Si la eternidad es, el tiempo no es. Así de fácil. Señor Tiempo, usted tampoco se sienta mucho. El Tiempo le hace los mandados a la Eternidad. Si la Castidad se come al Amor, y la Muerte a la Castidad, así como la Fama a la Muerte y el Tiempo a la Fama, al final sólo queda lo Eterno. ¿Y si no hay eternidad? Pues entonces queda el no-hay, aunque del no-hay no tenemos pruebas. Sólo tenemos vestigios del hay.

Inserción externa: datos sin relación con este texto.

Section SpectralQuantities.
Variable R : realType.
Local Notation C := R[i].

Lemma vnorm_mulmx_le m p (M : 'M[C]_(m, p)) (v : 'cV[C]_p) :
  vnorm (M *m v) <= specnorm M * vnorm v.
Proof.
have M_ub : has_ubound [set vnorm (M *m w) | w in [set w | vnorm w = 1]].
  exists (\sum_j vnorm (col j M)) => _ [w /= w1 <-].
  apply: le_trans (vnorm_mulmx_le_sum _ _) _; apply: ler_sum => j _.
  by rewrite ler_piMl ?vnorm_ge0 // -w1 cmod_le_vnorm.
have [v0|v_neq0] := eqVneq (vnorm v) 0.
  have -> : v = 0.
    apply/matrixP => i j; rewrite (ord1 j) mxE; apply/eqP; rewrite -cmod_eq0 eq_le.
    by rewrite cmod_ge0 andbT -v0 cmod_le_vnorm.
  by rewrite mulmx0 vnorm0 vnorm0 mulr0.
have v_gt0 : 0 < vnorm v by rewrite lt_neqAle eq_sym v_neq0 vnorm_ge0.
pose a : C := ((vnorm v)^-1)%:C%C.
have ca : cmod a = (vnorm v)^-1 by rewrite cmod_real ger0_norm // invr_ge0 ltW.
have : vnorm (M *m (a *: v)) <= specnorm M.
  by apply: ub_le_sup => //; exists (a *: v) => //=; rewrite vnormZ ca mulVf.
by rewrite -scalemxAr vnormZ ca ler_pdivrMl // mulrC.
Qed.

Lemma specnorm_ge0 m p (M : 'M[C]_(m, p)) : 0 <= specnorm M.
Proof.
case: p M => [|p] M.
  rewrite /specnorm; set S := (X in sup X); suff -> : S = set0 by rewrite sup0.
  apply/seteqP; split=> // _ [v /= + _].
  by rewrite /vnorm big_ord0 sqrtr0 => /eqP; rewrite eq_sym oner_eq0.
have := vnorm_mulmx_le M (delta_mx 0 0).
have -> : vnorm (delta_mx 0 0 : 'cV[C]_p.+1) = 1.
  rewrite /vnorm (bigD1 0) //= big1 => [|i i_neq0].
    by rewrite mxE !eqxx cmod_real normr1 expr1n addr0 sqrtr1.
  by rewrite mxE (negPf i_neq0) cmod0 expr0n.
by rewrite mulr1; apply: le_trans; apply: vnorm_ge0.
Qed.

Lemma vnorm_adj_mulmx_le m p (M : 'M[C]_(m, p)) (z : 'cV[C]_m) :
  vnorm (adj M *m z) <= specnorm M * vnorm z.
Proof.
set w := adj M *m z.
have w_sqr : vnorm w ^+ 2 <= vnorm z * (specnorm M * vnorm w).
  have -> : vnorm w ^+ 2 = cmod ((adj z *m (M *m w)) 0 0).
    rewrite mulmxA -[M]adjK -adjM -/w -vnorm_sqr_dot.
    by rewrite cmod_real ger0_norm // sqr_ge0.
  by apply: le_trans (cmod_dot_le _ _) _; rewrite ler_wpM2l ?vnorm_ge0 ?vnorm_mulmx_le.
have [w_gt0|w_le0] := ltrP 0 (vnorm w).
  by rewrite -(ler_pM2r w_gt0) mulrC -expr2 (le_trans w_sqr) // mulrCA mulrA.
by apply: le_trans w_le0 _; rewrite mulr_ge0 ?specnorm_ge0 ?vnorm_ge0.
Qed.

Lemma eigenvalue_diag_mx n (d : 'rV[C]_n) j : eigenvalue (diag_mx d) (d 0 j).
Proof.
apply/eigenvalueP; exists (delta_mx 0 j); first by rewrite -rowE row_diag_mx.
by apply/negP => /eqP/matrixP/(_ 0 j)/eqP; rewrite !mxE !eqxx oner_eq0.
Qed.

Lemma specdist_ge0 n (M : 'M[C]_n) lam : (0 <= specdist M lam)%E.
Proof. by apply: le_ereal_inf_tmp => _ [mu _ <-]; rewrite lee_fin cmod_ge0. Qed.

Lemma specdist_le n (M : 'M[C]_n) lam mu :
  eigenvalue M mu -> (specdist M lam <= (cmod (lam - mu))%:E)%E.
Proof. by move=> M_mu; apply: ereal_inf_lbound; exists mu. Qed.

Lemma fine_specdist_le n (M : 'M[C]_n) lam mu :
  eigenvalue M mu -> fine (specdist M lam) <= cmod (lam - mu).
Proof.
move=> M_mu; have le_mu := specdist_le lam M_mu.
have /fineK <- : specdist M lam \is a fin_num.
  by rewrite ge0_fin_numE ?specdist_ge0 // (le_lt_trans le_mu) ?ltry.
by rewrite -lee_fin fineK ?ge0_fin_numE ?specdist_ge0 // (le_lt_trans le_mu) ?ltry.
Qed.

Lemma edivrE (a d : R) : d != 0 -> edivr a d = (a / d)%:E.
Proof. by rewrite /edivr => /negPf ->. Qed.

Lemma edivr_lt_neq0 (a d : R) (u : \bar R) : (edivr a d < u)%E -> d != 0.
Proof. by apply: contraTneq => ->; rewrite /edivr eqxx ltNge leey. Qed.

Lemma sum_edivr_lt_neq0 (I : finType) (P : pred I) (a d : I -> R) (u : \bar R) :
  (\sum_(i | P i) edivr (a i) (d i) < u)%E -> forall i, P i -> d i != 0.
Proof.
move=> lt_u i Pi; apply: contraTneq lt_u => di0.
suff -> : (\sum_(i | P i) edivr (a i) (d i) = +oo)%E by rewrite ltNge leey.
apply/esum_eqyP => [j _|]; first by rewrite /edivr; case: ifP.
by exists i; rewrite mem_index_enum /edivr di0 eqxx.
Qed.

Lemma sum_edivrE (I : finType) (P : pred I) (a d : I -> R) :
  (forall i, P i -> d i != 0) ->
  (\sum_(i | P i) edivr (a i) (d i) = (\sum_(i | P i) a i / d i)%:E)%E.
Proof. by move=> d_neq0; rewrite -sumEFin; apply: eq_bigr => i /d_neq0 /edivrE. Qed.

Lemma adj_trmxC m p (M : 'M[C]_(m, p)) : adj M = map_mx Num.conj M^T.
Proof. by rewrite /adj map_trmx. Qed.

Lemma specdist_mul_vnorm_le n (M : 'M[C]_n) lam (z : 'cV[C]_n) g :
  adj M = M -> (g%:E <= specdist M lam)%E -> g * vnorm z <= vnorm (lam *: z - M *m z).
Proof.
move=> M_herm g_le.
have /orthomx_spectralP M_diag : M \is normalmx.
  by apply/normalmxP; rewrite -adj_trmxC M_herm.
set P := spectralmx M in M_diag; set d := spectral_diag M in M_diag.
have P_unitary : P \is unitarymx := spectral_unitarymx M.
have PadjP : P *m adj P = 1%:M by rewrite adj_trmxC; apply/unitarymxP.
have adjPP : adj P *m P = 1%:M := mulmx1C PadjP.
rewrite invmx_unitary // -adj_trmxC in M_diag.
have g_le_d j : g <= cmod (lam - d 0 j).
  rewrite -lee_fin (le_trans g_le) // specdist_le //; apply/eigenvalueP.
  exists (row j P).
    rewrite {1}M_diag !mulmxA rowE -(mulmxA _ P) PadjP mulmx1.
    by rewrite -(rowE j (diag_mx d)) row_diag_mx -scalemxAl.
  apply/eqP => Pj0.
  have := congr1 (row j) PadjP; rewrite row_mul Pj0 mul0mx row1 => /matrixP/(_ 0 j).
  by rewrite !mxE !eqxx => /eqP; rewrite eq_sym oner_eq0.
set w := P *m z.
have -> : lam *: z - M *m z = adj P *m (lam *: w - diag_mx d *m w).
  by rewrite mulmxBr -scalemxAr /w !mulmxA adjPP mul1mx {1}M_diag.
rewrite vnorm_unitary ?adjK // -(vnorm_unitary z adjPP) -/w.
have [g_le0|g_gt0] := lerP g 0.
  by apply: le_trans (vnorm_ge0 _); rewrite mulr_le0_ge0 ?vnorm_ge0.
apply: ler_of_sqr; first exact: vnorm_ge0.
rewrite exprMn !vnorm_sqr mulr_sumr; apply: ler_sum => j _.
rewrite mul_diag_mx !mxE -mulrBl cmodM exprMn ler_wpM2r ?sqr_ge0 //.
by rewrite lerXn2r ?nnegrE ?(ltW g_gt0) ?cmod_ge0.
Qed.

“El hay murmura en el fondo de la misma nada” escribió el poeta Emmanuel Lévinas, perdón, el filósofo. ¿Pero qué tiene que ver Lévinas con los Triunfos de Petrarca? No sé, todavía no lo descubro. Lo que sí sé es que una poesía que aluda al bosque simbólico, que haga visible los conceptos a través de prosopopeyas y metáforas ontológicas es una oportunidad para explorar otro tipo de creatividad poética. La poesía puede ser más racional. Y muchos discursos supuestamente racionales quizá sean en el fondo mucho más poéticos y alegóricos de lo que en un principio aparentan.

Por alguna razón o magia, ahora me imagino a Auguste Comte escribiendo en tercetos encadenados su teoría de los tres estadios: La edad teológica vencida por la edad metafísica y ésta a su vez derrotada por la edad científica, aunque todas sometidas por la eternidad alegórica.